Negaïm, chapitre 1, michna 5. Les premières michnayos de ce chapitre ont dressé le catalogue des nuances de blanc capables de rendre une personne métsora, avec les mélanges rougeâtres qui accompagnent chaque nuance. Notre michna fait maintenant deux choses : elle rapporte une discussion sur le nombre total d'apparences de negaïm dans toute la Torah, puis elle passe à un sujet entièrement différent, à savoir quels jours de la semaine un kohen peut entamer son examen.

Rappel : les catégories de negaïm

Trois grandes familles de tsaraas sont exposées dans Parchas Tazria-Métsora : les nigueï adam, la tsaraas qui apparaît sur une personne ; les nigueï begadim, la tsaraas qui apparaît sur les vêtements ; et les nigueï batim, la tsaraas qui apparaît dans une maison, que la Torah présente dans la dernière section de Métsora.
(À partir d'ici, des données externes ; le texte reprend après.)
Lemma tdvdM M N f g : tdvd M f -> tdvd N g -> tdvd (M + N) (f * g).
Proof.
move=> df dg i lt_i; rewrite ps_coefM big1 // => [[j lt_ji]] _ /=.
by case: (ltnP j M) => [lt_jM|le_Mj]; [rewrite df ?mul0r | rewrite dg ?mulr0 //; lia].
Qed.

Lemma tdvdMl N f g : tdvd N g -> tdvd N (f * g).
Proof. by move=> dg; rewrite -(add0n N); apply: tdvdM. Qed.

Lemma tdvdMr N f g : tdvd N f -> tdvd N (f * g).
Proof. by move=> df; rewrite mulrC; apply: tdvdMl. Qed.

Lemma tdvd_sum (I : Type) (r : seq I) (P : pred I) (F : I -> psr k) N :
  (forall i, P i -> tdvd N (F i)) -> tdvd N (\sum_(i <- r | P i) F i).
Proof. by move=> dF; elim/big_rec: _ => // i y Pi dy; apply: tdvdD => //; apply: dF. Qed.

Lemma tdvd_prod (I : Type) (r : seq I) (F : I -> psr k) (d : I -> nat) :
  (forall i, tdvd (d i) (F i)) -> tdvd (\sum_(i <- r) d i) (\prod_(i <- r) F i).
Proof.
move=> dF; elim: r => [|i r IHr]; first by rewrite !big_nil.
by rewrite !big_cons; apply: tdvdM.
Qed.

Lemma tdvdX N f e : tdvd N f -> tdvd (N * e) (f ^+ e).
Proof.
move=> df; elim: e => [|e IHe]; first by rewrite muln0.
by rewrite exprS mulnS; apply: tdvdM.
Qed.

Lemma tdvd_or_val f N : tdvd N f \/ exists2 v, (v < N)%N & is_val f v.
Proof.
elim: N => [|N [dN|[v lt_vN fv]]]; first by left.
- have [fN0|fN_neq0] := eqVneq (f N) 0; last by right; exists N; [|split; [apply/eqP|]].
  by left => i; rewrite ltnS leq_eqVlt => /orP [/eqP ->|/dN].
- by right; exists v => //; apply: ltnW.
Qed.

Lemma is_val_tdvd f v : is_val f v -> tdvd v f. Proof. by case. Qed.

Lemma psXnM_coef j f n : (psXn j * f) n = if (j <= n)%N then f (n - j)%N else 0.
Proof.
rewrite ps_coefM; case: leqP => [le_jn|lt_nj].
  rewrite (bigD1 (Ordinal (le_jn : (j < n.+1)%N))) //= /psXn /tpow eqxx mul1r.
  rewrite big1 ?addr0 // => [[i lt_in]] /= neq_ij.
  by rewrite ifN ?mul0r //; apply: contra neq_ij => /eqP eq_ij; apply/eqP/val_inj.
by rewrite big1 // => [[i lt_in]] _ /=; rewrite /psXn /tpow ifN ?mul0r // neq_ltn (leq_trans lt_in).
Qed.

Lemma tdvd_psXn j : tdvd j (psXn j).
Proof. by move=> i lt_ij; rewrite /psXn /tpow ifN // neq_ltn lt_ij. Qed.

Lemma is_val_psXn j : is_val (psXn j) j.
Proof. by split; [rewrite /psXn /tpow eqxx; apply/eqP/oner_neq0 | exact: tdvd_psXn]. Qed.

Definition ps_shift j f : psr k := fun n => f (n + j)%N.

Lemma psXn_shift j f : tdvd j f -> f = psXn j * ps_shift j f.
Proof.
move=> df; apply: funext => n; rewrite psXnM_coef /ps_shift.
by case: leqP => [le_jn|lt_nj]; [rewrite subnK | rewrite df].
Qed.

Lemma tdvd_shift j N f : tdvd (N + j) f -> tdvd N (ps_shift j f).
Proof. by move=> df i lt_iN; rewrite /ps_shift df // ltn_add2r. Qed.

Lemma ps_powE f e : ps_pow f e = f ^+ e.
Proof. by elim: e => [|e IHe] //=; rewrite exprS -IHe. Qed.

Lemma monoE (x : seq (ps k)) (al : {ffun 'I_(size x) -> nat}) :
  @mono k x al = \prod_(i < size x) ((nth (ps0 k) x i : psr k) ^+ al i).
Proof.
rewrite /mono -big_enum /=.
elim: (enum _) => [|i r IHr]; first by rewrite big_nil.
by rewrite big_cons /= -IHr ps_mulE ps_powE.
Qed.

End PowerSeries.

Arguments psXn {k} j.

Section Subalgebra.
Variables (k : fieldType) (T : pset k).
Hypothesis Tsub : subalg T.
Implicit Types (f g : psr k).

Lemma subalgC c : T (psC c). Proof. by case: Tsub. Qed.
Lemma subalgD f g : T f -> T g -> T (f + g). Proof. by case: Tsub => _ [+ _]; apply. Qed.
Lemma subalgM f g : T f -> T g -> T (f * g). Proof. by case: Tsub => _ [_]; apply. Qed.
Lemma subalg1 : T (1 : psr k). Proof. exact: (subalgC 1). Qed.
Lemma subalg0 : T (0 : psr k). Proof. by rewrite -psC0; apply: subalgC. Qed.

Lemma subalgB f g : T f -> T g -> T (f - g).
Proof.
move=> Tf Tg; apply: subalgD => //; have -> : - g = psC (-1) * g.
  by apply: funext => n; rewrite ps_coefCM mulN1r.
by apply: subalgM => //; apply: subalgC.
Qed.

Lemma subalg_sum (I : Type) (r : seq I) (P : pred I) (F : I -> psr k) :
  (forall i, P i -> T (F i)) -> T (\sum_(i <- r | P i) F i).
Proof.
by move=> TF; elim/big_rec: _ => [|i y Pi Ty]; [apply: subalg0 | apply: subalgD => //; apply: TF].
Qed.

Lemma subalg_prod (I : Type) (r : seq I) (F : I -> psr k) :
  (forall i, T (F i)) -> T (\prod_(i <- r) F i).
Proof. by move=> TF; elim/big_rec: _ => [|i y _ Ty]; [apply: subalg1 | apply: subalgM]. Qed.

Lemma subalgX f e : T f -> T (f ^+ e).
Proof. by move=> Tf; elim: e => [|e IHe]; [apply: subalg1 | rewrite exprS; apply: subalgM]. Qed.

Lemma maxidCM c f : maxid T f -> maxid T (psC c * f).
Proof.
by case=> Tf f0; split; [apply: subalgM => //; apply: subalgC | rewrite ps_coefCM f0 mulr0].
Qed.

Lemma maxidD f g : maxid T f -> maxid T g -> maxid T (f + g).
Proof. by case=> Tf f0 [Tg g0]; split; [apply: subalgD | rewrite ps_coefD f0 g0 addr0]. Qed.

Lemma maxidB f g : maxid T f -> maxid T g -> maxid T (f - g).
Proof. by case=> Tf f0 [Tg g0]; split; [apply: subalgB | rewrite ps_coefB f0 g0 subr0]. Qed.

Lemma maxidM f g : maxid T f -> T g -> maxid T (f * g).
Proof. by case=> Tf f0 Tg; split; [apply: subalgM | rewrite ps_coefM big_ord1 f0 mul0r]. Qed.

Lemma maxid_tdvd1 f : maxid T f -> tdvd 1 f.
Proof. by case=> _ f0 i; rewrite ltnS leqn0 => /eqP ->. Qed.

Lemma vset_maxid_gt0 v : vset (maxid T) v -> (0 < v)%N.
Proof. by move=> [f [[_ f0] [fv _]]]; rewrite lt0n; apply/eqP => v0; rewrite v0 in fv. Qed.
La catégorie des nigueï adam est plus large que ce que les michnayos précédentes ont couvert jusqu'ici. Au-delà des blancs et des mélanges rougeâtres qui s'y fondent, la Torah introduit deux autres termes, chehin et mikhva. Rachi sur le Houmach comprend le chehin comme une plaie de la peau provoquée par le choc de quelque chose de froid, et la mikhva comme un dommage causé par quelque chose de chaud, par exemple un métal chauffé ou une flamme véritable. Se représenter une blessure due au froid qui finit par ressembler à une brûlure n'est pas simple.
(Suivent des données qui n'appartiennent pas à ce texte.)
(* Work on the Fourier side with the squared norms
   [Hsq s f = \int |xi|^(2 s) |f xi|^2] and cut frequencies at Theta.
   Below Theta, |xi|^(2 s1) <= Theta^(2 (s1 - s0)) |xi|^(2 s0), so the low part of
   u^e - u in \dot H^s1 is controlled by Theta^(s1 - s0) ||u^e - u||_{\dot H^s0};
   above Theta, |u^e - u|^2 <= 2 |u^e|^2 + 2 |u|^2, and the high part of u tends to 0
   because u lies in \dot H^s1, which follows from the uniform bound on u^e by
   monotone convergence over the low-frequency cuts of u.
   Conversely, if u^e -> u in \dot H^s1, take
   Theta_e = (a_e + e)^(-1/(4 (s1 - s0))) with a_e = ||u^e - u||^2_{\dot H^s0}:
   then Theta_e -> +oo, Theta_e^(2 (s1 - s0)) a_e <= (a_e + e)^(1/2) -> 0, and the high
   part of u^e is controlled by ||u^e - u||_{\dot H^s1} and the high part of u. *)

From HB Require Import structures.
From mathcomp Require Import all_boot all_order all_algebra.
From mathcomp Require Import all_classical all_reals all_analysis.
From mathcomp Require Import measurable_realfun.
From mathcomp Require Import ring lra.
Import Order.TTheory GRing.Theory Num.Theory.
Import numFieldNormedType.Exports.
Local Open Scope classical_set_scope.
Local Open Scope ring_scope.
Set Implicit Arguments. Unset Strict Implicit. Unset Printing Implicit Defensive.

Section EuclideanNorm.
Variable R : realType.

Lemma sqnorm_aux_ge0 n (x : ms_car (Rd_aux R n)) : 0 <= sqnorm_aux x.
Proof.
elim: n x => [|n IH] x /=; first exact: sqr_ge0.
by rewrite addr_ge0 ?sqr_ge0.
Qed.

Lemma measurable_sqnorm_aux n : measurable_fun setT (@sqnorm_aux R n).
Proof.
elim: n => [|n IH] /=; first exact: exprn_measurable.
apply: measurable_funD; first exact: measurableT_comp IH measurable_fst.
by apply: measurable_funX; exact: measurable_snd.
Qed.

Definition last_coord0 n : set (ms_car (Rd_aux R n)) :=
  match n with
  | 0 => [set 0]
  | n'.+1 => [set: ms_car (Rd_aux R n')] `*` [set 0]
  end.
Arguments last_coord0 : clear implicits.

Lemma measurable_last_coord0 n : measurable (last_coord0 n).
Proof.
case: n => [|n] /=; first exact: measurable_set1.
by apply: measurableX => //; exact: measurable_set1.
Qed.

Lemma last_coord0_null n : ms_mu (Rd_aux R n) (last_coord0 n) = 0%E.
Proof.
case: n => [|n] /=; first exact: lebesgue_measure_set1.
rewrite product_measure1E; [|done|exact: measurable_set1].
by rewrite [X in (_ * X)%E]lebesgue_measure_set1 mule0.
Qed.

Lemma sqnorm_aux_eq0 n (x : ms_car (Rd_aux R n)) : sqnorm_aux x = 0 -> last_coord0 n x.
Proof.
case: n x => [|n] x /=; first by move/eqP; rewrite sqrf_eq0 => /eqP.
move=> x0; split => //=; apply/eqP; rewrite -sqrf_eq0 eq_le sqr_ge0 andbT.
by rewrite -x0 lerDr sqnorm_aux_ge0.
Qed.

Lemma measurable_eucl d : measurable_fun setT (@eucl R d).
Proof.
apply: measurableT_comp (continuous_measurable_fun (@sqrt_continuous R)) _.
exact: measurable_sqnorm_aux.
Qed.

Lemma ae_eucl_gt0 d : {ae leb_d R d, forall x : Rdt R d, 0 < eucl x}.
Proof.
exists (last_coord0 d.-1); split; [exact: measurable_last_coord0|exact: last_coord0_null|].
move=> x /= /negP; rewrite -leNgt => x_le0; apply: sqnorm_aux_eq0.
apply/eqP; rewrite eq_le sqnorm_aux_ge0 andbT -sqrtr_eq0.
by rewrite eq_le x_le0 sqrtr_ge0.
Qed.

End EuclideanNorm.

Section ComplexModulus.
Variable R : realType.
Implicit Types z w : R * R.

Lemma cabs_sqr z : cabs z ^+ 2 = z.1 ^+ 2 + z.2 ^+ 2.
Proof. by rewrite /cabs sqr_sqrtr // addr_ge0 ?sqr_ge0. Qed.

Lemma cabs0 : cabs (0 : R * R) = 0.
Proof. by rewrite /cabs /= expr0n /= addr0 sqrtr0. Qed.

Lemma cabsN z : cabs (- z) = cabs z.
Proof. by rewrite /cabs /= !sqrrN. Qed.

Lemma cabsD_sqr_le z w : cabs (z + w) ^+ 2 <= 2 * (cabs z ^+ 2 + cabs w ^+ 2).
Proof.
rewrite !cabs_sqr /=.
have := sqr_ge0 (z.1 - w.1); have := sqr_ge0 (z.2 - w.2); nra.
Qed.

Lemma cabsB_sqr_le z w : cabs (z - w) ^+ 2 <= 2 * (cabs z ^+ 2 + cabs w ^+ 2).
Proof. by rewrite -(cabsN w) cabsD_sqr_le. Qed.

End ComplexModulus.

Section NonnegConvergence.
Variable R : realType.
Le Rambam, dans Hilchos Toumas Tsaraas, chapitre 5, halacha 1, rend la distinction plus facile à saisir. Il parle d'une personne qui a eu une blessure dans sa chair et dont la peau s'est détachée à cause de cette blessure. Si la blessure vient du feu, par exemple s'il a été brûlé par un charbon ou une braise, par du fer chauffé, ou par une pierre chauffée au feu et choses semblables, cela s'appelle une mikhva. Si la perte de peau n'a pas été causée par le feu, qu'il ait été frappé par une pierre, par du bois ou par toute autre chose qui blesse, ou que la peau ait été détruite par une maladie du corps, comme le garav (une sorte de croûte), la hazazis (une autre affection cutanée), la chehafes, ou encore une fièvre et une inflammation et choses semblables qui ont abîmé la peau, cela s'appelle un chehin. Remarquez la précision du Rambam : il décrit exactement le même type de peau abîmée, et seule la cause détermine le nom.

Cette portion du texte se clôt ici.